Exercise instructions
A stretch of the entries below is to be set down exactly, running from the line with "(forall N : int, exists" through the line with "a i * x i ^+ 2.", both included, and no other line.

Given records
(* Let $k$ be a non-archimedean local field of residue characteristic $2$, with ring of integers $\mathfrak o$ and normalized valuation $\operatorname{ord}$. Let $B(x)=\sum_{i=1}^n a_i x_i^2$ be a diagonal quadratic form on $k^n$ with coefficients $a_i\in k$ satisfying $0\le \operatorname{ord} a_i\le 1$ for all $i$, and suppose $B$ is anisotropic over $k$. Then for every nonzero $x\in k^n$, \[ \max_i |a_i x_i^2| \;\ge\; |B(x)| \;\ge\; \max_i |4 a_i x_i^2| . \]
   Context: $|\cdot|$ is the normalized absolute value on $k$ ($|\varpi|=q^{-1}$ for a uniformizer $\varpi$, where $q$ is the cardinality of the residue field). A quadratic form is anisotropic if $B(x)=0$ only for $x=0$. *)

From HB Require Import structures.
From mathcomp Require Import all_boot all_order all_algebra.
Set Implicit Arguments. Unset Strict Implicit. Unset Printing Implicit Defensive.
Import Order.TTheory GRing.Theory Num.Theory.
Local Open Scope ring_scope.

(* A non-archimedean local field with residue characteristic 2, presented
   through its normalized discrete valuation [ord] (defined on nonzero
   elements; the value at 0 is irrelevant and never used, 0 having
   valuation +oo by convention). *)

Section LocalField.
Variable k : fieldType.

Definition ord_ge (ord : k -> int) (N : int) (z : k) : Prop :=
  z = 0 \/ N <= ord z.

Definition in_o (ord : k -> int) (z : k) : Prop := ord_ge ord 0 z.
Definition in_m (ord : k -> int) (z : k) : Prop := ord_ge ord 1 z.

Record local_field_res2 := LocalFieldRes2 {
  ord : k -> int;
  (* cardinality of the residue field o/m *)
  resq : nat;
  ordM : forall x y, x != 0 -> y != 0 -> ord (x * y) = ord x + ord y;
  ordD : forall x y, x != 0 -> y != 0 -> x + y != 0 ->
           Num.min (ord x) (ord y) <= ord (x + y);
  (* normalized: a uniformizer exists *)
  ord_unif : exists pi : k, pi != 0 /\ ord pi = 1;
  res_finite : exists s : seq k,
      [/\ size s = resq,
          forall i, (i < size s)%N -> in_o ord (nth 0 s i),
          forall i j, (i < j < size s)%N -> ~ in_m ord (nth 0 s i - nth 0 s j)
        & forall z, in_o ord z -> exists2 r, r \in s & in_m ord (z - r)];
  res_char2 : in_m ord 2%:R;
  complete : forall u : nat -> k,
      (forall N : int, exists M : nat, forall m n : nat, (M <= m)%N -> (M <= n)%N ->
          ord_ge ord N (u m - u n)) ->
      exists l : k, forall N : int, exists M : nat, forall n : nat, (M <= n)%N ->
          ord_ge ord N (u n - l)
}.

Definition absv (K : local_field_res2) (x : k) : rat :=
  if x == 0 then 0 else ((resq K)%:R : rat) ^ (- ord K x).

End LocalField.

Definition diagB (k : fieldType) (n : nat) (a x : 'I_n -> k) : k :=
  \sum_(i < n) a i * x i ^+ 2.

Definition anisotropic (k : fieldType) (n : nat) (a : 'I_n -> k) : Prop :=
  forall x : 'I_n -> k, diagB a x = 0 -> forall i, x i = 0.

From mathcomp Require Import all_boot all_order all_algebra.
From mathcomp Require Import zify ring.
Set Implicit Arguments. Unset Strict Implicit. Unset Printing Implicit Defensive.
Import Order.TTheory GRing.Theory Num.Theory.
Local Open Scope ring_scope.

(* The upper bound is the ultrametric inequality.  For the lower bound,
   suppose |B(x)| < |4 a_i x_i^2| for some i, so that
   w := -B(x) / (4 a_i x_i^2) lies in the maximal ideal.  By completeness
   (Hensel's lemma) z + z^2 = w has a root z in the maximal ideal, and
   replacing x_i by (1 + 2z) x_i adds 4 a_i x_i^2 (z + z^2) = -B(x) to the
   form.  Since 2 lies in the maximal ideal, 1 + 2z <> 0, so this is a
   nonzero isotropic vector. *)

Section Valuation.
Variables (k : fieldType) (K : local_field_res2 k).
Local Notation o := (ord K).

Lemma ord1 : o 1 = 0.
Proof.
have := ordM K (oner_neq0 k) (oner_neq0 k); rewrite mulr1.
by move: (o 1) => t; lia.
Qed.

Lemma ordN z : z != 0 -> o (- z) = o z.
Proof.
move=> z0; have N1_neq0 : (-1 : k) != 0 by rewrite oppr_eq0 oner_neq0.
have ordN1 : o (-1) = 0.
  have := ordM K N1_neq0 N1_neq0; rewrite mulrNN mulr1 ord1.
  by move: (o (-1)) => t; lia.
by rewrite -mulN1r (ordM K N1_neq0 z0) ordN1 add0r.
Qed.

Lemma ord_geW N1 N2 x : N1 <= N2 -> ord_ge o N2 x -> ord_ge o N1 x.
Proof. by move=> h [->|hx]; [left|right; apply: le_trans hx]. Qed.

Lemma ord_geD N x y : ord_ge o N x -> ord_ge o N y -> ord_ge o N (x + y).
Proof.
case=> [->|hx]; first by rewrite add0r.
case=> [->|hy]; first by rewrite addr0; right.
have [->|s0] := eqVneq (x + y) 0; first by left.
have [->|x0] := eqVneq x 0; first by rewrite add0r; right.
have [->|y0] := eqVneq y 0; first by rewrite addr0; right.
by right; apply: le_trans (ordD K x0 y0 s0); rewrite le_min hx hy.
Qed.

Lemma ord_geN N x : ord_ge o N x -> ord_ge o N (- x).
Proof.
have [->|x0] := eqVneq x 0; first by rewrite oppr0.
by case=> [x_eq0|hx]; [rewrite x_eq0 eqxx in x0|right; rewrite ordN].
Qed.

Lemma ord_geB N x y : ord_ge o N x -> ord_ge o N y -> ord_ge o N (x - y).
Proof. by move=> hx hy; apply: ord_geD => //; apply: ord_geN. Qed.

Lemma ord_geM N1 N2 x y :
  ord_ge o N1 x -> ord_ge o N2 y -> ord_ge o (N1 + N2) (x * y).
Proof.
case=> [->|hx]; first by rewrite mul0r; left.
case=> [->|hy]; first by rewrite mulr0; left.
have [->|x0] := eqVneq x 0; first by rewrite mul0r; left.
have [->|y0] := eqVneq y 0; first by rewrite mulr0; left.
by right; rewrite ordM // lerD.
Qed.

Lemma ord_ge_all_eq0 z : (forall N, ord_ge o N z) -> z = 0.
Proof.
move=> h; have [//|z0] := eqVneq z 0.
by case: (h (o z + 1)) => [//|]; lia.
Qed.

Lemma one_add_two_mul_neq0 z : in_m o z -> 1 + 2%:R * z != 0.
Proof.
move=> zm; apply/negP; rewrite addrC addr_eq0 => /eqP two_z.
have N1_neq0 : (-1 : k) != 0 by rewrite oppr_eq0 oner_eq0.
have [z0|z0] := eqVneq z 0; first by move: N1_neq0; rewrite -two_z z0 mulr0 eqxx.
have two0 : (2%:R : k) != 0.
  by apply: contraNneq N1_neq0 => h; rewrite -two_z h mul0r.
have o2 : 1 <= o 2%:R by case: (res_char2 K) => // h; rewrite h eqxx in two0.
case: zm => [z_eq0|oz]; first by rewrite z_eq0 eqxx in z0.
have := ordM K two0 z0; rewrite two_z ordN ?oner_eq0 // ord1; lia.
Qed.

Section Hensel.
Variable w : k.
Hypothesis w_in_m : in_m o w.

(* Fixed-point iteration of z |-> w - z^2, which contracts the maximal
   ideal because z1^2 - z2^2 = (z1 - z2)(z1 + z2). *)
Fixpoint hensel_seq (m : nat) : k :=
  if m is m'.+1 then w - hensel_seq m' ^+ 2 else 0.

Lemma hensel_seq_in_m m : in_m o (hensel_seq m).
Proof.
elim: m => [|m IH] /=; first by left.
apply: ord_geB => //; rewrite expr2.
by apply: (@ord_geW _ (1 + 1)) => //; apply: ord_geM.
Qed.

Lemma hensel_seq_step m :
  ord_ge o m.+1%:Z (hensel_seq m.+1 - hensel_seq m).
Proof.
elim: m => [|m IH]; first by rewrite /= subr0 expr2 mulr0 subr0.
have -> : hensel_seq m.+2 - hensel_seq m.+1 =
    - ((hensel_seq m.+1 - hensel_seq m) * (hensel_seq m.+1 + hensel_seq m)).
  by rewrite /=; ring.
apply: ord_geN; rewrite -[m.+2]addn1 PoszD.
by apply: ord_geM => //; apply: ord_geD; apply: hensel_seq_in_m.
Qed.

Lemma hensel_seq_cauchy (N : int) m p :
  (`|N| <= m)%N -> ord_ge o N (hensel_seq (m + p) - hensel_seq m).
Proof.
move=> hm; elim: p => [|p IH]; first by rewrite addn0 subrr; left.
have -> : hensel_seq (m + p.+1) - hensel_seq m =
    (hensel_seq (m + p).+1 - hensel_seq (m + p)) +
    (hensel_seq (m + p) - hensel_seq m) by rewrite addnS; ring.
by apply: ord_geD => //; apply: ord_geW (hensel_seq_step _); lia.
Qed.

Lemma hensel_seq_cvg : exists l : k, forall N : int, exists M : nat,
  forall p, (M <= p)%N -> ord_ge o N (hensel_seq p - l).
Proof.
apply: complete => N; exists `|N|%N => m p hm hp.
have [hmp|/ltnW hpm] := leqP m p.
  by rewrite -(subnKC hmp) -opprB; apply/ord_geN/hensel_seq_cauchy.
by rewrite -(subnKC hpm); apply: hensel_seq_cauchy.
Qed.

Lemma exists_root_add_sqr : exists2 z, z + z ^+ 2 = w & in_m o z.
Proof.
have [l hl] := hensel_seq_cvg.
have l_in_m : in_m o l.
  have [M hM] := hl 1; rewrite -[l](subKr (hensel_seq M)).
  by apply: ord_geB; [apply: hensel_seq_in_m|apply: hM].
exists l => //.
apply/eqP; rewrite -subr_eq0; apply/eqP/ord_ge_all_eq0 => N.
have [M hM] := hl N.
have -> : l + l ^+ 2 - w = - (hensel_seq M.+1 - l)
    - (hensel_seq M - l) * (hensel_seq M + l) by rewrite /=; ring.
apply: ord_geB; first exact/ord_geN/hM.
rewrite -(addr0 N); apply: ord_geM; first exact: hM.
by apply: ord_geD; apply: (@ord_geW _ 1) => //; apply: hensel_seq_in_m.
Qed.

End Hensel.
End Valuation.

Section AbsoluteValue.
Variables (k : fieldType) (K : local_field_res2 k).
Local Notation o := (ord K).
Local Notation q := ((resq K)%:R : rat).

Lemma resq_ge1 : 1 <= q.
Proof.
case: (res_finite K) => s [s_size _ _ s_repr].
have [r r_in_s _] := s_repr 0 (or_introl erefl).
by rewrite ler1n -s_size; case: s r_in_s {s_size s_repr}.
Qed.

Lemma absv_ge0 z : 0 <= absv K z.
Proof.
rewrite /absv; case: ifP => // _.
by apply: exprz_ge0; apply: le_trans ler01 resq_ge1.
Qed.

Lemma absvE z : z != 0 -> absv K z = q ^ (- o z).
Proof. by rewrite /absv => /negbTE ->. Qed.

Lemma absv_le_ord z1 z2 :
  z1 != 0 -> z2 != 0 -> o z2 <= o z1 -> absv K z1 <= absv K z2.
Proof.
move=> z1_neq0 z2_neq0 h; rewrite !absvE //.
by apply: ler_weXz2l resq_ge1 _ _ _; rewrite lerN2.
Qed.

Lemma absvD_le_max x y : absv K (x + y) <= Num.max (absv K x) (absv K y).
Proof.
have [->|x0] := eqVneq x 0; first by rewrite add0r le_max lexx orbT.
have [->|y0] := eqVneq y 0; first by rewrite addr0 le_max lexx.
have [->|s0] := eqVneq (x + y) 0; first by rewrite /absv eqxx le_max absv_ge0.
have := ordD K x0 y0 s0; rewrite le_max.
have [_ h|_ h] := leP (o x) (o y); first by rewrite (absv_le_ord s0 x0 h).
by rewrite (absv_le_ord s0 y0 h) orbT.
Qed.

Lemma absv_sum_le_bigmax (I : Type) (r : seq I) (P : pred I) (F : I -> k) :
  absv K (\sum_(i <- r | P i) F i) <= \big[Num.max/0]_(i <- r | P i) absv K (F i).
Proof.
apply: (big_ind2 (fun s m => absv K s <= m)) => //; first by rewrite /absv eqxx.
move=> s1 m1 s2 m2 h1 h2; apply: le_trans (absvD_le_max s1 s2) _.
by rewrite ge_max !le_max h1 h2 orbT.
Qed.

End AbsoluteValue.

Section DiagonalForm.
Variables (k : fieldType) (n : nat) (a x : 'I_n -> k).

Lemma diagB_scale_at i y :
  diagB a (fun j => if j == i then x i * y else x j) =
  diagB a x + a i * x i ^+ 2 * (y ^+ 2 - 1).
Proof.
rewrite /diagB (bigD1 i) //= [in RHS](bigD1 i) //= eqxx.
under eq_bigr => j /negbTE -> do [].
ring.
Qed.

Lemma diagB_scale_at_eq0 i z :
  4%:R * (a i * x i ^+ 2) != 0 ->
  z + z ^+ 2 = - diagB a x / (4%:R * (a i * x i ^+ 2)) ->
  diagB a (fun j => if j == i then x i * (1 + 2%:R * z) else x j) = 0.
Proof.
move=> c4_neq0 hz; rewrite diagB_scale_at.
have -> : (1 + 2%:R * z) ^+ 2 - 1 = 4%:R * (z + z ^+ 2) by ring.
by rewrite hz mulrCA mulrA mulrC divfK // addrN.
Qed.

Variable K : local_field_res2 k.
Local Notation o := (ord K).

Lemma ord_diagB_le_ord4 i : anisotropic a ->
  4%:R * (a i * x i ^+ 2) != 0 -> diagB a x != 0 ->
  o (diagB a x) <= o (4%:R * (a i * x i ^+ 2)).
Proof.
set c4 := 4%:R * _; set B := diagB a x => aniso c4_neq0 B_neq0.
rewrite leNgt; apply/negP => hlt.
set w := - B / c4.
have w_neq0 : w != 0 by rewrite mulf_neq0 ?invr_eq0 ?oppr_eq0.
have w_in_m : in_m o w.
  right; have := ordM K w_neq0 c4_neq0.
  rewrite divfK // ordN // => ordB; move: hlt; rewrite ordB; lia.
have [z hz z_in_m] := exists_root_add_sqr w_in_m.
have := aniso _ (diagB_scale_at_eq0 c4_neq0 hz) i; rewrite eqxx.
move/eqP; rewrite mulf_eq0 (negbTE (one_add_two_mul_neq0 z_in_m)) orbF => /eqP xi0.
by move: c4_neq0; rewrite /c4 xi0 expr0n !mulr0 eqxx.
Qed.

End DiagonalForm.

Theorem lemma2p1 (k : fieldType) (K : local_field_res2 k) (n : nat)
  (a : 'I_n -> k)
  (ha : forall i, a i != 0 /\ (0 <= ord K (a i) <= 1))
  (hB : anisotropic a)
  (x : 'I_n -> k) (hx : exists i, x i != 0) :
  \big[Num.max/0]_(i < n) absv K (a i * x i ^+ 2) >= absv K (diagB a x) /\
  absv K (diagB a x) >= \big[Num.max/0]_(i < n) absv K (4%:R * a i * x i ^+ 2).
Proof.
split; first exact: absv_sum_le_bigmax.
apply: bigmax_le; first exact: absv_ge0.
move=> i _; rewrite -mulrA.
have [->|c4_neq0] := eqVneq (4%:R * (a i * x i ^+ 2)) 0.
  by rewrite /absv eqxx absv_ge0.
have B_neq0 : diagB a x != 0.
  apply: contraNneq c4_neq0 => /hB /(_ i) ->.
  by rewrite expr0n !mulr0.
by apply: absv_le_ord => //; apply: ord_diagB_le_ord4.
Qed.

Expected output
      (forall N : int, exists M : nat, forall m n : nat, (M <= m)%N -> (M <= n)%N ->
          ord_ge ord N (u m - u n)) ->
      exists l : k, forall N : int, exists M : nat, forall n : nat, (M <= n)%N ->
          ord_ge ord N (u n - l)
}.

Definition absv (K : local_field_res2) (x : k) : rat :=
  if x == 0 then 0 else ((resq K)%:R : rat) ^ (- ord K x).

End LocalField.

Definition diagB (k : fieldType) (n : nat) (a x : 'I_n -> k) : k :=
  \sum_(i < n) a i * x i ^+ 2.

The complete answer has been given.